A mixture of youth and experience will spearhead the Asian challenge at this week's SMBC Singapore Open.
While all the pre-tournament attention has been focused on world No. 1 Jordan Spieth, the 22-year-old American faces stiff competition from some of the continent's top golfers at the US$1 million (S$1.44 million) tournament.
South Korean star An Byeong Hun, 24, is among the region's brightest prospects and the 2015 European Tour Rookie of the Year was not cowed by Spieth's reputation.
The pair had competed in the 2010 US Amateur at Chambers Bay with An advancing to the semi-finals and further than Spieth, who missed the matchplay cut.
"We've played a couple of times in the juniors and I'm looking forward to competing with Jordan," said An, who captured the prestigious BMW PGA Championship last May and is playing in Singapore for the first time.
"I've still got a lot of things to work on but I played well in my last couple of events and feel happy about my game."
When Thursday to Sunday.
Where Sentosa Golf Club, Serapong Course.
Prize money US$1 million (S$1.44 million).
Who Headlined by world No. 1 Jordan Spieth, the Asian Tour and Japan Tour co-sanctioned event also features the likes of former Major champions Darren Clarke and Yang Yong Eun as well as 2015 European Tour Rookie of the Year An Byeong Hun.
Tickets Free entry on Thursday. Friday ($20), weekend ($30) and season pass ($50) available through ticketing partner ApacTix. Price does not include entry to Sentosa or booking fees.
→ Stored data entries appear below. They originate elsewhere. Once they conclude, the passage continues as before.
Lemma sum_restrict_blocks {m} (blk : 'I_n -> 'I_m) w S (F : R -> R) i : F 0 = 0 ->
  \sum_k F (restrict w (~: S :&: [set j | blk j == k]%SET) i) = F (restrict w (~: S) i).
Proof.
move=> F0; rewrite (bigD1 (blk i)) //= big1 ?addr0 => [|k /negbTE hk].
  by rewrite /restrict !inE eqxx andbT.
by rewrite /restrict !inE eq_sym hk andbF.
Qed.

Context {A : 'M[R]_n} {c K : R}.
Hypotheses (c_ge0 : 0 <= c) (symA : A^T = A).
Hypothesis form_local : forall {U u}, #|U|%:R <= K -> supported u U ->
  `|mxform A u u| <= c * sqnorm u.

Lemma mxform_cross_le {U V u v} :
  #|U :|: V|%:R <= K -> supported u U -> supported v V ->
  2 * mxform A u v <= 3 * c * (sqnorm u + sqnorm v).
Proof.
move=> UVK hu hv.
have UK : #|U|%:R <= K.
  by apply: le_trans UVK; rewrite ler_nat subset_leq_card // finset.subsetUl.
have VK : #|V|%:R <= K.
  by apply: le_trans UVK; rewrite ler_nat subset_leq_card // finset.subsetUr.
have := form_local UVK (supportedD hu hv).
have := form_local UK hu; have := form_local VK hv.
rewrite mxformDD // !ler_norml => /andP[hv1 _] /andP[hu1 _] /andP[_ huv].
have huv2 := ler_wpM2l c_ge0 (sqnormD_le u v); lra.
Qed.

Lemma mxform_cross_le_scaled {U V u v} (l : R) : 0 < l ->
  #|U :|: V|%:R <= K -> supported u U -> supported v V ->
  2 * mxform A u v <= 3 * c * (l * sqnorm u + sqnorm v / l).
Proof.
move=> l0 UVK hu hv; rewrite -(ler_pM2l l0).
have := mxform_cross_le UVK (supportedZ l hu) hv; rewrite mxformZl sqnormZ.
have -> : l * (3 * c * (l * sqnorm u + sqnorm v / l)) =
          3 * c * (l ^+ 2 * sqnorm u + sqnorm v) by field; rewrite gt_eqF.
by rewrite mulrCA.
Qed.

Lemma mxform_sum_le {m} {z : 'I_m -> 'I_n -> R} {blocks : 'I_m -> {set 'I_n}} :
  (forall k, supported (z k) (blocks k)) ->
  (forall k l, #|blocks k :|: blocks l|%:R <= K) ->
  mxform A (fun i => \sum_k z k i) (fun i => \sum_k z k i) <=
    3 * c * m%:R * \sum_k sqnorm (z k).
Proof.
move=> hz hK; set Z := \sum_k sqnorm (z k).
have expand : 2 * mxform A (fun i => \sum_k z k i) (fun i => \sum_k z k i) =
              \sum_k \sum_l 2 * mxform A (z k) (z l).
  rewrite mxform_suml mulr_sumr; apply: eq_bigr => k _.
  by rewrite mxformC // mxform_suml mulr_sumr; apply: eq_bigr => l _; rewrite mxformC.
have pairs : \sum_(k < m) \sum_(l < m) 3 * c * (sqnorm (z k) + sqnorm (z l)) =
             2 * (3 * c * m%:R * Z).
  under eq_bigr do rewrite -mulr_sumr big_split /= sumr_const card_ord.
  rewrite -mulr_sumr big_split /= sumr_const card_ord sumrMnl -/Z.
  by rewrite -[Z *+ m]mulr_natr; ring.
rewrite -(ler_pM2l (ltr0Sn _ 1)) expand -pairs.
by apply: ler_sum => k _; apply: ler_sum => l _; apply: mxform_cross_le.
Qed.

Lemma mxform_cross_sum_le {m} {z : 'I_m -> 'I_n -> R} {blocks : 'I_m -> {set 'I_n}} {y U} :
  (0 < m)%N -> supported y U -> (forall k, supported (z k) (blocks k)) ->
  (forall k, #|U :|: blocks k|%:R <= K) ->
  2 * mxform A y (fun i => \sum_k z k i) <=
    c * sqnorm y + 9 * c * m%:R * \sum_k sqnorm (z k).
Proof.
move=> m0 hy hz hK; have m0' : 0 < m%:R :> R by rewrite ltr0n.
have l0 : 0 < (3 * m%:R)^-1 :> R by rewrite invr_gt0 mulr_gt0.
rewrite mxformC // mxform_suml mulr_sumr.
under eq_bigr do rewrite mxformC //.
(* The weight [(3m)^-1] keeps the total coefficient of [sqnorm y] equal to [c]. *)
have hk k : 2 * mxform A y (z k) <=
    3 * c * ((3 * m%:R)^-1 * sqnorm y + sqnorm (z k) / (3 * m%:R)^-1).
  exact: mxform_cross_le_scaled l0 (hK k) hy (hz k).
apply: le_trans (ler_sum _ (fun k _ => hk k)) _.
rewrite -mulr_sumr big_split /= sumr_const card_ord -mulr_suml invrK.
rewrite -[_ *+ m]mulr_natr le_eqVlt; apply/orP; left.
by apply/eqP; field; rewrite gt_eqF.
Qed.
Free entry for those under five and $5 for kids between five and 12.
Getting there Shuttle buses run at 15-minute intervals from Harbourfront bus interchange from 6am to 7pm (Thursday & Friday) and 7am to 5pm (weekend).
The last three years may have been a struggle - 51 missed cuts from 96 starts - for India's Jeev Milkha Singh, the 2008 Singapore Open champion and last Asian to lift the massive trophy, but returning to the site of one of his biggest career triumphs has stirred him.
Said the world No. 876: "Asian golfers have a lot of talent and are capable of winning anywhere around the world. I feel there could be an Asian winner this week."
He was equally positive about last week's announcement by the Asian Tour that it would resume merger talks with the European Tour on the back of the appointment of a new eight-man board, featuring four players and chaired by Indonesian businessman Jimmy Masrin.
Said Jeev, 44: "I think the changes are good and things are looking up for the better.
"We have a new board in place and the people on the board have a good thought process and direction for the Asian Tour, and we will see what comes from it over time."
His fellow board member Mardan Mamat, 48, also backed the move: "People were saying the Asian Tour was not right but, in a positive way, we are trying to improve it as much as we can."
Boardroom politics aside, the veteran Singaporean, one of 11 locals in the 156-man field at the Sentosa Golf Club, was focused on affairs inside the ropes. Said the five-time Asian Tour winner: "Playing at home and winning can be a lot of pressure but I've done it before (2006 Singapore Masters) and hopefully I can do it again on Sunday."